Katholische Gemeinden feiern die Segnung homosexueller Paare

Weit über 100 katholische Geistliche in Deutschland segnen gleichgeschlechtliche Paare. Eine Sensation. Eine Selbstverständlichkeit. Und mehr.

In München oder Münster, in Köln oder Konstanz, Berlin oder Buxtehude. In mehr als 100 katholischen Kirchengemeinden Deutschlands segnen katholische Geistliche in diesen Tagen gleichgeschlechtliche Paare. Das ist kirchlicherseits nicht zulässig und vom Vatikan auch offiziell untersagt. Die Priester segnen trotzdem – oder auch deswegen.

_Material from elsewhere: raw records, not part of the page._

Lemma rderiv_comp (f : C -> C) g t a l :
  cderiv f (g t) a -> rderiv g t l -> rderiv (fun s => f (g s)) t (a * l).
Proof.
intros Hf Hg eps He.
pose proof (proj1 (cderiv_eps f (g t) a) Hf) as Hf'.
destruct (rderiv_lipschitz g t l Hg) as [d0 [Hd0 Hl]].
set (K := (Cmod l + 1)%R). assert (HK : (0 < K)%R) by (unfold K; pose proof (Cmod_ge_0 l); lra).
set (Ka := (Cmod a + 1)%R). assert (HKa : (0 < Ka)%R) by (unfold Ka; pose proof (Cmod_ge_0 a); lra).
destruct (Hf' (mkposreal (eps / (2 * K)) ltac:(apply Rdiv_lt_0_compat; lra))) as [d1 Hd1]. simpl in Hd1.
destruct (Hg (eps / (2 * Ka))%R ltac:(apply Rdiv_lt_0_compat; lra)) as [d2 [Hd2 Hg2]].
set (delta := Rmin (Rmin d0 d2) (d1 / K)).
assert (Hp : (0 < delta)%R)
  by (unfold delta; repeat apply Rmin_pos; try lra; apply Rdiv_lt_0_compat; [apply cond_pos|lra]).
exists delta. split; auto. intros h Hh.
assert (Hmin : (Rabs h < d0 /\ Rabs h < d2 /\ Rabs h * K < d1)%R).
{ unfold delta in Hh. pose proof (Rmin_l (Rmin d0 d2) (d1 / K)). pose proof (Rmin_r (Rmin d0 d2) (d1 / K)).
  pose proof (Rmin_l d0 d2). pose proof (Rmin_r d0 d2). split; [lra|split; [lra|]].
  replace (pos d1) with (d1 / K * K)%R by (field; lra). apply Rmult_lt_compat_r; lra. }
destruct Hmin as [h0 [h2 h1]].
specialize (Hl h h0). specialize (Hg2 h h2). change (Cmod l + 1)%R with K in Hl.
specialize (Hd1 (g (t + h)%R) ltac:(lra)).
replace (f (g (t + h)%R) - f (g t) - h * (a * l)) with
  ((f (g (t + h)%R) - f (g t) - (g (t + h)%R - g t) * a) + a * (g (t + h)%R - g t - h * l)) by ring.
eapply Rle_trans. apply Cmod_triangle. rewrite Cmod_mult.
pose proof (Cmod_ge_0 a). pose proof (Rabs_pos h).
assert (A1 : (eps / (2 * K) * Cmod (g (t + h)%R - g t) <= eps / 2 * Rabs h)%R).
{ apply Rle_trans with (eps / (2 * K) * (K * Rabs h))%R.
  apply Rmult_le_compat_l. apply Rlt_le, Rdiv_lt_0_compat; lra. exact Hl.
  right. field. lra. }
assert (A2 : (Cmod a * Cmod (g (t + h)%R - g t - h * l) <= eps / 2 * Rabs h)%R).
{ apply Rle_trans with (Ka * (eps / (2 * Ka) * Rabs h))%R.
  apply Rmult_le_compat; auto. apply Cmod_ge_0. unfold Ka; lra.
  right. field. lra. }
lra.
Qed.

Lemma rderiv_mult g1 g2 t l1 l2 : rderiv g1 t l1 -> rderiv g2 t l2 ->
  rderiv (fun s => g1 s * g2 s) t (l1 * g2 t + g1 t * l2).
Proof.
intros H1 H2 eps He.
destruct (rderiv_lipschitz g1 t l1 H1) as [d0 [Hd0 Hl]].
destruct (rderiv_lipschitz g2 t l2 H2) as [d3 [Hd3 Hl3]].
set (K := (Cmod l1 + 1)%R). assert (HK : (0 < K)%R) by (unfold K; pose proof (Cmod_ge_0 l1); lra).
set (L2 := (Cmod l2 + 1)%R). assert (HL2 : (0 < L2)%R) by (unfold L2; pose proof (Cmod_ge_0 l2); lra).
set (A := (Cmod (g2 t) + 1)%R). assert (HA : (0 < A)%R) by (unfold A; pose proof (Cmod_ge_0 (g2 t)); lra).
set (B := (Cmod (g1 t) + 1)%R). assert (HB : (0 < B)%R) by (unfold B; pose proof (Cmod_ge_0 (g1 t)); lra).
destruct (H1 (eps / (3 * A))%R ltac:(apply Rdiv_lt_0_compat; lra)) as [d1 [Hd1 E1]].
destruct (H2 (eps / (3 * B))%R ltac:(apply Rdiv_lt_0_compat; lra)) as [d2 [Hd2 E2]].
set (d4 := (eps / (3 * K * L2))%R). assert (Hd4 : (0 < d4)%R) by (unfold d4; apply Rdiv_lt_0_compat; nra).
exists (Rmin (Rmin d0 d1) (Rmin d2 (Rmin d3 d4))). split. repeat apply Rmin_pos; lra.
intros h Hh.
apply Rmin_Rgt in Hh as [Hh Hh']. apply Rmin_Rgt in Hh as [h0 h1].
apply Rmin_Rgt in Hh' as [h2 Hh']. apply Rmin_Rgt in Hh' as [h3 h4].
specialize (Hl h h0). specialize (E1 h h1). specialize (E2 h h2). specialize (Hl3 h h3).
set (u1 := g1 (t + h)%R - g1 t) in *. set (u2 := g2 (t + h)%R - g2 t) in *.
replace (g1 (t + h)%R * g2 (t + h)%R - g1 t * g2 t - h * (l1 * g2 t + g1 t * l2)) with
  ((u1 - h * l1) * g2 t + g1 t * (u2 - h * l2) + u1 * u2) by (unfold u1, u2; ring).
eapply Rle_trans. apply Cmod_triangle. eapply Rle_trans. apply Rplus_le_compat_r. apply Cmod_triangle.
rewrite !Cmod_mult.
pose proof (Rabs_pos h). pose proof (Cmod_ge_0 (g2 t)). pose proof (Cmod_ge_0 (g1 t)).
pose proof (Cmod_ge_0 u1). pose proof (Cmod_ge_0 u2).
assert (T1 : (Cmod (u1 - h * l1) * Cmod (g2 t) <= eps / 3 * Rabs h)%R).
{ apply Rle_trans with (eps / (3 * A) * Rabs h * A)%R.
  apply Rmult_le_compat; try lra. apply Cmod_ge_0. unfold A; lra. right; field; lra. }
assert (T2 : (Cmod (g1 t) * Cmod (u2 - h * l2) <= eps / 3 * Rabs h)%R).
{ apply Rle_trans with (B * (eps / (3 * B) * Rabs h))%R.
  apply Rmult_le_compat; try lra. apply Cmod_ge_0. unfold B; lra. right; field; lra. }
assert (T3 : (Cmod u1 * Cmod u2 <= eps / 3 * Rabs h)%R).
{ apply Rle_trans with ((K * Rabs h) * (L2 * Rabs h))%R. apply Rmult_le_compat; auto.
  apply Rle_trans with ((K * L2 * d4) * Rabs h)%R.
  replace (K * Rabs h * (L2 * Rabs h))%R with ((K * L2 * Rabs h) * Rabs h)%R by ring.
  apply Rmult_le_compat_r; auto. apply Rmult_le_compat_l; nra.
  right. unfold d4. field. nra. }
lra.
Qed.

Lemma rderiv_const (c : C) t : rderiv (fun _ => c) t 0.
Proof.
intros eps He. exists 1%R. split. lra. intros h _.
replace (c - c - h * 0) with (RtoC 0) by ring. rewrite Cmod_0. pose proof (Rabs_pos h). nra.
Qed.

Lemma rderiv_sub_const g t l (q : C) : rderiv g t l -> rderiv (fun s => g s - q) t l.
Proof.
intros H eps He. destruct (H eps He) as [d [Hd Hh]]. exists d; split; auto. intros h Hl.
replace (g (t + h)%R - q - (g t - q) - h * l) with (g (t + h)%R - g t - h * l) by ring. auto.
Qed.

Lemma rderiv_mean_value (g g' : R -> C) (K : R) :
  (forall s, (0 <= s <= 1)%R -> rderiv g s (g' s)) ->
  (forall s, (0 <= s <= 1)%R -> (Cmod (g' s) <= K)%R) ->
  (Cmod (g 1 - g 0) <= 2 * K)%R.
Proof.
intros Hg HK.
destruct (MVT_cor2 (fun s => Re (g s)) (fun s => Re (g' s)) 0 1 Rlt_0_1) as [c [Ec Hc]].
{ intros c Hc. apply rderiv_Re. auto. }
destruct (MVT_cor2 (fun s => Im (g s)) (fun s => Im (g' s)) 0 1 Rlt_0_1) as [c' [Ec' Hc']].
{ intros c' Hc'. apply rderiv_Im. auto. }
rewrite Rminus_0_r, Rmult_1_r in Ec, Ec'.
eapply Rle_trans. apply Cmod_le_Re_Im.
replace (Re (g 1 - g 0)) with (Re (g 1) - Re (g 0))%R by (destruct (g 1), (g 0); simpl; ring).
replace (Im (g 1 - g 0)) with (Im (g 1) - Im (g 0))%R by (destruct (g 1), (g 0); simpl; ring).
rewrite Ec, Ec'.
pose proof (re_le_Cmod (g' c)). pose proof (im_le_Cmod (g' c')).
pose proof (HK c ltac:(lra)). pose proof (HK c' ltac:(lra)). lra.
Qed.

Definition Cdot (z w : C) : R := (Re z * Re w + Im z * Im w)%R.
Definition Cnorm2 (z : C) : R := Cdot z z.

Lemma Cnorm2_Cmod z : Cnorm2 z = (Cmod z * Cmod z)%R.
Proof. unfold Cnorm2, Cdot, Cmod. destruct z as [a b]; simpl. rewrite sqrt_sqrt. ring. nra. Qed.

Lemma Cdot_deriv G G1 t L L1 : rderiv G t L -> rderiv G1 t L1 ->
  derivable_pt_lim (fun s => Cdot (G s) (G1 s)) t (Cdot L (G1 t) + Cdot (G t) L1)%R.
Proof.
intros H H1. unfold Cdot.
apply rderiv_Re in H as HR. apply rderiv_Im in H as HI.
apply rderiv_Re in H1 as HR1. apply rderiv_Im in H1 as HI1.
replace (Re L * Re (G1 t) + Im L * Im (G1 t) + (Re (G t) * Re L1 + Im (G t) * Im L1))%R with
  ((Re L * Re (G1 t) + Re (G t) * Re L1) + (Im L * Im (G1 t) + Im (G t) * Im L1))%R by ring.
apply (derivable_pt_lim_plus (fun s => Re (G s) * Re (G1 s))%R (fun s => Im (G s) * Im (G1 s))%R).
apply (derivable_pt_lim_mult (fun s => Re (G s)) (fun s => Re (G1 s))); auto.
apply (derivable_pt_lim_mult (fun s => Im (G s)) (fun s => Im (G1 s))); auto.
Qed.

Lemma Cnorm2_deriv G t L : rderiv G t L ->
  derivable_pt_lim (fun s => Cnorm2 (G s)) t (2 * Cdot (G t) L)%R.
Proof.
intros H. unfold Cnorm2. replace (2 * Cdot (G t) L)%R with (Cdot L (G t) + Cdot (G t) L)%R by (unfold Cdot; ring).
apply Cdot_deriv; auto.
Qed.

Definition line (a b : C) (s : R) : C := a + RtoC s * b.

Lemma rderiv_line a b s : rderiv (line a b) s b.
Proof.
intros eps He. exists 1%R. split. lra. intros h _.
unfold line. replace (a + RtoC (s + h)%R * b - (a + RtoC s * b) - RtoC h * b) with (RtoC 0)
  by (rewrite RtoC_plus; ring).
rewrite Cmod_0. pose proof (Rabs_pos h). nra.
Qed.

„Das lateinische Wort für ’segnen‘ heißt ‚benedicere‘, also ‚gut sagen‘. Das hat schon auch mit Anerkennung zu tun“, sagt Burkhard Hose der Deutschen Welle. Der Hochschulpfarrer hatte zur Feier in die Würzburger Augustinerkirche unter dem Motto „Wir können doch gar nicht anders als Segnen“ geladen. Hose betont: „Wenn wir heute gleichgeschlechtlich liebende Paare segnen in unserer Zeit, dann erkennen wir auch ihre Beziehung an. Es ist ein Stück Anerkennung der Lebensrealität, der Vielfalt, auch in der Schöpfung und der Art und Weise, wie Menschen in unterschiedlicher sexueller Orientierung auch ihre Beziehungen leben. Und das ist einfach jetzt noch der Kontrast zu dem, was offiziell im Katechismus zu finden ist.“ Denn der Katechismus, die offizielle katholische Lehre, anerkennt homosexuelle Liebe nie und sieht sie als „Handeln wider die Natur“.